As disclosed in Item 1.01 above, the Company has received standby commitments from the Standby Purchasers to purchase up to 404,161 shares of Common Stock that are not subscribed for by shareholders in connection with the rights offering.

 

A copy of the Company’s press release is attached to this report as Exhibit 99.1 and is incorporated herein by reference.

 

Exhibit
Number

  Description
10.1   Form of Standby Purchase Agreement (incorporated by reference to Exhibit 4.2 to the Registration Statement on Form S-1/A (No. 333-187759) filed with the Securities and Exchange Commission on June 3, 2013).
99.1   Press Release, dated June 28, 2013.

 

Sales of common stock to the Standby Purchasers have not been registered under the Act and may not be offered or sold in the United States absent registration or an applicable exemption from registration under the Act.

 

This Form 8-K shall not constitute an offer to sell or the solicitation of an offer to buy the securities described herein, nor shall there be any offer or sale of such securities in any jurisdiction in which such offer, solicitation or sale would be unlawful prior to registration or qualification under the securities laws of any such jurisdiction. A registration statement relating to rights offering has been filed with the Securities and Exchange Commission and was declared effective on June 26, 2013. The rights offering will be made only by means of a prospectus, which is a part of such registration statement.

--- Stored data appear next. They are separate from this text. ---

(* F in Aut_H(A) is B-semilinear, hence a B-linear map A' -> A, where A' is A
   with its right B-action twisted by (F|_B)^-1.  By faithful flatness F is
   bijective as soon as F (x)_B id : A' (x)_B A -> A (x)_B A is, and the latter
   has the explicit inverse
     z (x) x |-> z_(1)^<2> (x) x z_(0) F(z_(1)^<1>),
   which is well defined because B is central (so A (x)_B A is symmetric).
   Applying F (x) id to a_(0) a_(1)^<1> (x)_B a_(1)^<2> = 1 (x)_B a at F^-1(a)
   shows that the element of the statement is F(1) (x) F^-1(a); conversely, for
   any representative sum_i F(b_i) (x) a_i of it, multiplying out after
   F^-1 (x) id and using h^<1> h^<2> = eps(h) 1 gives F^-1(a) = sum_i b_i a_i. *)

From HB Require Import structures.
From mathcomp Require Import all_boot all_order all_algebra.
From mathcomp Require Import reals complex.
From Stdlib Require Import ClassicalEpsilon.
Set Implicit Arguments. Unset Strict Implicit. Unset Printing Implicit Defensive.
Import Order.TTheory GRing.Theory Num.Theory.
Local Open Scope ring_scope.

Local Notation tmap f s := [seq (f p.1, p.2) | p <- s].

Section HopfGaloisAutomorphisms.
Variable k : fieldType.
Ltac prove_continuity :=
  repeat first
    [ assumption
    | match goal with H : continuity ?f |- continuity_pt ?f _ => apply H end
    | apply continuity_pt_const; intros ? ?; reflexivity
    | apply continuity_pt_minus | apply continuity_pt_plus
    | apply continuity_pt_div | apply continuity_pt_mult
    | apply derivable_continuous_pt, derivable_pt_id
    | apply (continuity_pt_comp _ sin); [|apply continuity_sin]
    | apply (continuity_pt_comp _ cos); [|apply continuity_cos]
    | apply (continuity_pt_comp _ (fun u => u ^ 2));
        [|apply derivable_continuous, derivable_pow] ].

(* The derivative prescribed for [D] is that of a branch of [atan (c * tan (Om * s))]. *)
Lemma scaled_tan_relation_of_deriv J (c Om : R) (D : R -> R) :
  is_interval J -> J 0 -> D 0 = 0 ->
  (forall s, J s -> 0 < cos (Om * s) ^ 2 + c ^ 2 * sin (Om * s) ^ 2) ->
  (forall s, J s ->
     has_deriv_within J D (c * Om / (cos (Om * s) ^ 2 + c ^ 2 * sin (Om * s) ^ 2)) s) ->
  forall s, J s -> c * sin (Om * s) * cos (D s) = cos (Om * s) * sin (D s).
Proof.
  intros HJ HJ0 HD0 HT HdD s Hs.
  assert (HJab := interval_segment J s HJ HJ0 Hs).
  destruct (segment_bounds s) as [H0ab Hsab].
  set (a := Rmin 0 s) in *. set (b := Rmax 0 s) in *.
  set (T := fun y => cos (Om * y) ^ 2 + c ^ 2 * sin (Om * y) ^ 2).
  set (Dc := fun y => D (clamp a b y)).
  set (N := fun y => c * sin (Om * y) * cos (Dc y) - cos (Om * y) * sin (Dc y)).
  (* [N' = N T' / (2 T)], so [N^2 / T] is constant. *)
  set (G := fun y => N y * N y / T y).
  assert (HcDc : continuity Dc).
  { apply (continuity_clamp J); [auto | lra |].
    intros x Hx; eapply has_deriv_within_continuous, HdD, HJab, Hx. }
  assert (HcG : forall x, a <= x <= b -> continuity_pt G x).
  { intros x Hx. unfold G, N, T. prove_continuity.
    apply Rgt_not_eq, HT, HJab, Hx. }
  assert (HdG : forall x, a < x < b -> derivable_pt_lim G x 0).
  { intros x Hx.
    assert (HTx : 0 < T x) by (apply HT, HJab; lra).
    set (cu := cos (Om * x)). set (su := sin (Om * x)).
    assert (Hpyth : su ^ 2 + cu ^ 2 = 1)
      by (rewrite <- (sin2_cos2 (Om * x)); unfold Rsqr; fold cu su; ring).
    assert (dDc : derivable_pt_lim Dc x (c * Om / T x))
      by (apply (derivable_pt_lim_clamp J); [auto | lra | apply HdD, HJab; lra]).
    assert (dT : derivable_pt_lim T x (2 * Om * su * cu * (c ^ 2 - 1))).
    { unfold T. differentiate. fold cu su. simpl. ring. }
    assert (dN : derivable_pt_lim N x (N x * (2 * Om * su * cu * (c ^ 2 - 1)) / (2 * T x))).
    { assert (HTx' : 0 < cu ^ 2 + c ^ 2 * su ^ 2) by exact HTx.
      unfold N. differentiate. unfold T; fold cu su.
      apply Rminus_diag_uniq.
      match goal with |- ?L - ?R = 0 =>
        replace (L - R) with (Om * (su ^ 2 + cu ^ 2 - 1) * (c * cu * cos (Dc x)
            + c ^ 2 * su * sin (Dc x)) / (cu ^ 2 + c ^ 2 * su ^ 2)) by (field; lra) end.
      rewrite Hpyth. field. lra. }
    unfold G. differentiate; [lra | unfold Rsqr; field; lra]. }
  assert (HG0 : G 0 = 0).
  { unfold G, N, Dc. rewrite clamp_id, HD0, Rmult_0_r, sin_0, cos_0 by lra.
    field. unfold T. rewrite Rmult_0_r, sin_0, cos_0. lra. }
  assert (HGs : G s = 0) by (rewrite (segment_constant G a b HcG HdG s 0); lra).
  assert (HNs : N s * N s = 0).
  { assert (HTs : 0 < T s) by exact (HT s Hs).
    unfold G in HGs. replace (N s * N s) with (N s * N s / T s * T s) by (field; lra).
    rewrite HGs; ring. }
  apply Rmult_integral in HNs. unfold N, Dc in HNs. rewrite clamp_id in HNs by lra. lra.
Qed.

Lemma tan_of_scaled_tan_relation c u D :
  c * sin u * cos D = cos u * sin D -> cos u <> 0 -> tan D = c * tan u.
Proof.
  intros H Hu.
  assert (HD : cos D <> 0).
  { intro HD0. rewrite HD0, Rmult_0_r in H.
    assert (Hpyth := sin2_cos2 D). rewrite HD0 in Hpyth. unfold Rsqr in Hpyth.
    destruct (Rmult_integral _ _ (eq_sym H)); [contradiction | nra]. }
  unfold tan. field_simplify_eq; [lra | auto].
Qed.
Lemma I2_3E A : I2 A =
  A 0 0 * A 1 1 - A 0 1 * A 1 0 + A 0 0 * A 2 2 - A 0 2 * A 2 0
  + A 1 1 * A 2 2 - A 1 2 * A 2 1.
Proof. by rewrite /I2 !mxtrace3 !mulmx3E; field. Qed.

(* Cayley-Hamilton in adjugate form. *)
Lemma adj3 A : \adj A = A *m A - \tr A *: A + (I2 A)%:M.
Proof.
apply/matrixP => i j; rewrite mxtrace3 I2_3E !mxE sum3 /cofactor det2 !mxE.
by case: (ord3P i) => ->; case: (ord3P j) => ->; rewrite !small_ordE /=; ring.
Qed.

Lemma char_poly3 A :
  char_poly A = 'X^3 - (\tr A)%:P * 'X^2 + (I2 A)%:P * 'X - (\det A)%:P.
Proof.
rewrite /char_poly /char_poly_mx mxtrace3 I2_3E !det3 !mxE /=.
by rewrite !(polyCD, polyCM, polyCN, polyCB); ring.
Qed.

Lemma mxtrace_adj3 A : \tr (\adj A) = I2 A.
Proof. by rewrite adj3 mxtraceD raddfB /= mxtraceZ mxtrace_scalar /I2; field. Qed.

Lemma adj3_kernel A (v : 'cV[R]_3) : A *m v = 0 -> \adj A *m v = I2 A *: v.
Proof.
move=> Av; rewrite adj3 !mulmxDl mulNmx -mulmxA Av -scalemxAl Av scaler0 mulmx0.
by rewrite oppr0 !add0r mul_scalar_mx.
Qed.

Lemma det_addZ3 A B f :
  \det (A + f *: B) = \det A + f * \tr (\adj A *m B)
                      + f ^+ 2 * \tr (A *m \adj B) + f ^+ 3 * \det B.
Proof. by rewrite !mxtrace3 !mulmx3E !adj3 !det3 !mxE !sum3 !mxtrace3 !I2_3E /=; ring. Qed.

Lemma det_addZ3_balanced A B f : \det B = 0 -> \det (A + B) = \det A ->
  \det (A + f *: B) = \det A + f * (1 - f) * \tr (\adj A *m B).
Proof.
move=> detB; rewrite -[B in A + B]scale1r !det_addZ3 detB expr1n !mul1r !mulr0 !addr0.
by rewrite -addrA -[RHS]addr0 => /addrI /eqP; rewrite addr_eq0 => /eqP ->; ring.
Qed.

End Invariants3.

Section Kernel.
Variable F : fieldType.

Lemma det_rank_lt n (A : 'M[F]_n) : (\rank A < n)%N -> \det A = 0.
Proof.
apply: contraTeq => detA_neq0; rewrite -leqNgt mxrank_unit //.
by rewrite unitmxE unitfE.
Qed.

Lemma mxrank_row' m n i (A : 'M[F]_(m.+1, n)) : (\rank (row' i A) <= \rank A)%N.
Proof. by rewrite row'Esub rowsubE mxrankM_maxr. Qed.

Lemma mxrank_col' m n j (A : 'M[F]_(m, n.+1)) : (\rank (col' j A) <= \rank A)%N.
Proof. by rewrite -mxrank_tr tr_col' -[\rank A]mxrank_tr mxrank_row'. Qed.

Lemma adj_neq0_rank n (A : 'M[F]_n.+1) : \adj A != 0 -> (n <= \rank A)%N.
Proof.
move=> adjA_neq0.
have [[i j] adjij|adj0] := pickP (fun ij => \adj A ij.1 ij.2 != 0); last first.
  case/eqP: adjA_neq0; apply/matrixP => i j; rewrite [RHS]mxE.
  by have /negbFE/eqP := adj0 (i, j).
move: adjij; rewrite mxE /cofactor mulf_eq0 negb_or => /andP[_ det_neq0].
have rank_minor : \rank (row' j (col' i A)) = n by rewrite mxrank_unit // unitmxE unitfE.
by rewrite -[X in (X <= _)%N]rank_minor (leq_trans (mxrank_row' _ _) (mxrank_col' _ _)).
Qed.

Lemma kermx_colP m n (A : 'M[F]_(m, n)) (x : 'cV[F]_n) :
  reflect (A *m x = 0) (x^T <= kermx A^T)%MS.
Proof.
apply: (iffP sub_kermxP) => [|Ax]; last by rewrite -trmx_mul Ax trmx0.
by rewrite -trmx_mul => /(congr1 trmx); rewrite trmxK trmx0.
Qed.

Lemma kernel_line n (A : 'M[F]_n.+1) (v w : 'cV[F]_n.+1) : \rank A = n ->
  v != 0 -> A *m v = 0 -> A *m w = 0 -> exists k, w = k *: v.
Proof.
move=> rankA v_neq0 /kermx_colP Kv /kermx_colP Kw.
have rankK : \rank (kermx A^T) = 1%N by rewrite mxrank_ker mxrank_tr rankA subSnn.
have vK : (v^T == kermx A^T)%MS.
  by rewrite -(mxrank_leqif_eq Kv) rankK rank_rV trmx_eq0 v_neq0.
have /sub_rVP[k wk] : (w^T <= v^T)%MS by rewrite (eqmxP vK).
by exists k; rewrite -[w]trmxK wk linearZ /= trmxK.
Qed.

End Kernel.

Section Tensor.
Variables (R : realType) (n : nat).
Implicit Types (u v w x : 'cV[R]_n) (A : 'M[R]_n).

Lemma dotvC u v : dotv u v = dotv v u.
Proof. by rewrite /dotv -[v^T *m u]trmxK trmx_mul trmxK [in RHS]mxE. Qed.

Lemma dotv_mulmxr u A v : dotv u (A *m v) = dotv (A^T *m u) v.
Proof. by rewrite /dotv trmx_mul trmxK mulmxA. Qed.

Lemma dotvZr u k v : dotv u (k *: v) = k * dotv u v.
Proof. by rewrite /dotv -scalemxAr mxE. Qed.

Lemma dotvZl k u v : dotv (k *: u) v = k * dotv u v.
Proof. by rewrite dotvC dotvZr dotvC. Qed.
(* For a Hermitian X the trace norm is the sum of the absolute
   eigenvalues, so the spectral (Jordan) decomposition writes X = P - Q with
   P, Q >= 0 and ||X||_1 = Tr P + Tr Q; conversely ANY such decomposition
   satisfies ||X||_1 <= Tr P + Tr Q.  Apply this to X = rho^{T_B} = P - Q.
   Since T_B commutes with (f (x) id^B) and T_B T_A is the full transpose,
     ((P^A (x) id)[rho])^{T_B}
       = (p (E1 (x) id)[P] + (1-p) (E2 (x) id)[rho^T]) - p (E1 (x) id)[Q],
   a difference of two PSD operators (complete positivity of E1, E2, and
   rho^T >= 0), whose traces add up to p ||X||_1 + (1 - p) by trace
   preservation.  As Tr X = 1 forces ||X||_1 >= 1, this is <= ||X||_1. *)

Lemma adjM m n p (A : 'M[algC]_(m, n)) (B : 'M[algC]_(n, p)) :
  adj (A *m B) = adj B *m adj A.
Proof. by rewrite /adj trmx_mul map_mxM. Qed.

Lemma adjK m n (A : 'M[algC]_(m, n)) : adj (adj A) = A.
Proof. exact: trmxCK. Qed.

Lemma adjB m n (A B : 'M[algC]_(m, n)) : adj (A - B) = adj A - adj B.
Proof. by rewrite /adj linearB /= map_mxB. Qed.

Lemma adjZ m n a (A : 'M[algC]_(m, n)) : adj (a *: A) = a^* *: adj A.
Proof. by rewrite /adj linearZ /= map_mxZ. Qed.

Lemma adj_diag n (d : 'rV[algC]_n) : adj (diag_mx d) = diag_mx (map_mx conjC d).
Proof. by rewrite /adj tr_diag_mx map_diag_mx. Qed.

Lemma hermitian_spectral n (Y : 'M[algC]_n) : Defs.hermitian Y ->
  exists V : 'M[algC]_n, exists l : 'rV[algC]_n,
   [/\ V *m adj V = 1%:M, adj V *m V = 1%:M, (forall i, l 0 i \is Num.real) &
       Y = adj V *m diag_mx l *m V].
Proof.
rewrite /Defs.hermitian => hY.
have nY : Y \is normalmx by apply/normalmxP; rewrite -/(adj Y) hY.
have /orthomx_spectralP eY := nY.
set P := spectralmx Y in eY; set l := spectral_diag Y in eY.
have uP : P \is unitarymx by exact: spectral_unitarymx.
have iP : invmx P = adj P by rewrite invmx_unitary.
have P1 : P *m adj P = 1%:M by apply/unitarymxP.
have P2 : adj P *m P = 1%:M by rewrite -iP mulVmx // unitarymx_unit.
rewrite iP in eY; exists P, l; split => //.
have dl : diag_mx l = P *m Y *m adj P.
  by rewrite eY !mulmxA P1 mul1mx -mulmxA P1 mulmx1.
have : adj (diag_mx l) = diag_mx l by rewrite dl !adjM adjK hY mulmxA.
rewrite adj_diag => /matrixP E i.
by have /eqP := E i i; rewrite !mxE eqxx !mulr1n -CrealE.
Qed.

Copies of the prospectus for the rights offering may be obtained by contacting the Company's information agent, AST Phoenix Advisors at (877) 478-5038.

 

 
 

 

SIGNATURES

Pursuant to the requirements of the Securities Exchange Act of 1934, the Registrant has duly caused this report to be signed on its behalf by the undersigned hereunto duly authorized.

 

  SUSSEX BANCORP
     
Date: June 28, 2013 By: /s/ Steven M. Fusco
    Steven M. Fusco
    Executive Vice President and Chief Financial Officer

 

 

 
 

 

EXHIBIT INDEX

 

Exhibit
Number

  Description
10.1   Form of Standby Purchase Agreement (incorporated by reference to Exhibit 4.2 to the Registration Statement on Form S-1/A (No. 333-187759) filed with the Securities and Exchange Commission on June 3, 2013).
99.1   Press Release, dated June 28, 2013.